Interaction

During a transaction, the AS will often require interaction from a user. This user can be the same person running the client software, or it could be another party who's not necessarily available. In the request, the client instance tells the AS how it is able to interact with the user running the software by declaring how it can start an interaction, how it can finish an interaction, and any other interaction-based hints that might help the AS.

Start Modes

The client can indicate one or more modes to start an interaction.

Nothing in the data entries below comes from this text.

(* Left C_E-comodules, with the coaction nu encoded through its components
   act f m := (ev_f (x) id) nu(m) for f : Hom x y
   (C^{x,y} (x) M = Hom(x,y)^* (x) M ~ Hom_k(Hom(x,y), M) as Hom(x,y) is f.d.). *)
Record comodule := Comodule {
  cm_car : lmodType k;
  cm_act : forall x y : Ob E, Hom E x y -> cm_car -> cm_car;
  cm_act_linl : forall x y (a : k) (f g : Hom E x y) (m : cm_car),
      cm_act (a *: f + g) m = a *: cm_act f m + cm_act g m;
  cm_act_linr : forall x y (f : Hom E x y) (a : k) (m n : cm_car),
      cm_act f (a *: m + n) = a *: cm_act f m + cm_act f n;
  (* nu(m) lies in the direct sum: finitely many nonzero components *)
  cm_fin : forall m : cm_car, exists s : seq (Ob E * Ob E),
      forall x y (f : Hom E x y), ~ List.In (x, y) s -> cm_act f m = 0;
  (* counit: (eps (x) id) nu = id *)
  cm_counit : forall m : cm_car, exists s : seq (Ob E),
      [/\ List.NoDup s,
          (forall x, ~ List.In x s -> cm_act (idm x) m = 0) &
          m = \sum_(x <- s) cm_act (idm x) m];
  (* coassociativity (Delta (x) id) nu = (id (x) nu) nu, componentwise *)
  cm_coassoc : forall x y z (f : Hom E x y) (g : Hom E y z) (m : cm_car),
      cm_act g (cm_act f m) = cm_act (comp g f) m;
  cm_coassoc0 : forall a b c d (f : Hom E a b) (g : Hom E c d) (m : cm_car),
      b <> c -> cm_act g (cm_act f m) = 0
}.

Definition comod_mor (M N : comodule) (t : {linear cm_car M -> cm_car N}) : Prop :=
  forall x y (f : Hom E x y) (m : cm_car M), t (cm_act f m) = cm_act f (t m).

Record Emodule := Emod {
  md_car : Ob E -> lmodType k;
  md_act : forall x y : Ob E, Hom E x y -> md_car x -> md_car y;
  md_linl : forall x y (a : k) (f g : Hom E x y) (v : md_car x),
      md_act (a *: f + g) v = a *: md_act f v + md_act g v;
  md_linr : forall x y (f : Hom E x y) (a : k) (v w : md_car x),
      md_act f (a *: v + w) = a *: md_act f v + md_act f w;
  md_id : forall x (v : md_car x), md_act (idm x) v = v;
  md_comp : forall x y z (f : Hom E x y) (g : Hom E y z) (v : md_car x),
      md_act (comp g f) v = md_act g (md_act f v)
}.

Definition is_nat (F G : Emodule) (eta : forall x, md_car F x -> md_car G x) : Prop :=
  (forall x (a : k) (v w : md_car F x), eta x (a *: v + w) = a *: eta x v + eta x w) /\
  (forall x y (f : Hom E x y) (v : md_car F x), eta y (md_act f v) = md_act f (eta x v)).

End Defs.

Section U.
Variables (k : fieldType) (E : linCat k).
Section UM.
Variable M : comodule E.

Lemma cm_act0r x y (f : Hom E x y) : cm_act f (0 : cm_car M) = 0.
Proof.
have H := cm_act_linr f 1 (0 : cm_car M) 0.
rewrite scale1r addr0 scale1r in H.
rewrite -{1}[cm_act f 0]addr0 in H.
have H2 := addrI _ H. by rewrite -H2.
Qed.

Definition fixE (x : Ob E) : {pred cm_car M} := fun m => cm_act (idm x) m == m.

Lemma fixE_closed x : GRing.submod_closed (fixE x).
Proof.
split; first by rewrite unfold_in /fixE cm_act0r.
move=> a u v; rewrite !unfold_in /fixE => /eqP hu /eqP hv.
by rewrite cm_act_linr hu hv.
Qed.

HB.instance Definition _ x := GRing.isSubmodClosed.Build k (cm_car M) (fixE x) (fixE_closed x).

Definition Ups_car x := {m : cm_car M | m \in fixE x}.
HB.instance Definition _ x := [isSub of Ups_car x for @sval _ _].
HB.instance Definition _ x := [Choice of Ups_car x by <:].
HB.instance Definition _ x := [SubChoice_isSubLmodule of Ups_car x by <:].

Lemma Ups_act_in x y (f : Hom E x y) (v : Ups_car x) : cm_act f (val v) \in fixE y.
Proof. by rewrite unfold_in /fixE cm_coassoc comp1l. Qed.

Definition Ups_act x y (f : Hom E x y) (v : Ups_car x) : Ups_car y :=
  exist _ (cm_act f (val v)) (Ups_act_in f v).

Lemma Ups_linl x y (a : k) (f g : Hom E x y) (v : Ups_car x) :
  Ups_act (a *: f + g) v = a *: Ups_act f v + Ups_act g v.
Proof. by apply: val_inj; rewrite /= cm_act_linl. Qed.

Lemma Ups_linr x y (f : Hom E x y) (a : k) (v w : Ups_car x) :
  Ups_act f (a *: v + w) = a *: Ups_act f v + Ups_act f w.
Proof. by apply: val_inj; rewrite /= cm_act_linr. Qed.

Lemma Ups_id x (v : Ups_car x) : Ups_act (idm x) v = v.
Proof. by apply: val_inj; rewrite /=; apply/eqP; have := valP v; rewrite unfold_in. Qed.

Lemma Ups_comp x y z (f : Hom E x y) (g : Hom E y z) (v : Ups_car x) :
  Ups_act (comp g f) v = Ups_act g (Ups_act f v).
Proof. by apply: val_inj; rewrite /= cm_coassoc. Qed.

  • The redirect mode is used when the client instance is capable of opening a browser on the same device for the user to interact with the AS, or otherwise directing the user to an arbitrary URL.
  • The app mode is used when the client instance can launch an application from the same device the user is interacting with. The way that application communicates with the AS is not defined by GNAP.
  • The user_code mode is used when the client instance can communicate an out-of-band code to the user for the user to provide to the AS (usually by typing it in).

The client indicates these in the interaction request's start field by listing out the modes in an array. The AS evaluates this array and determines which, if any, of the modes are appropriate for the request.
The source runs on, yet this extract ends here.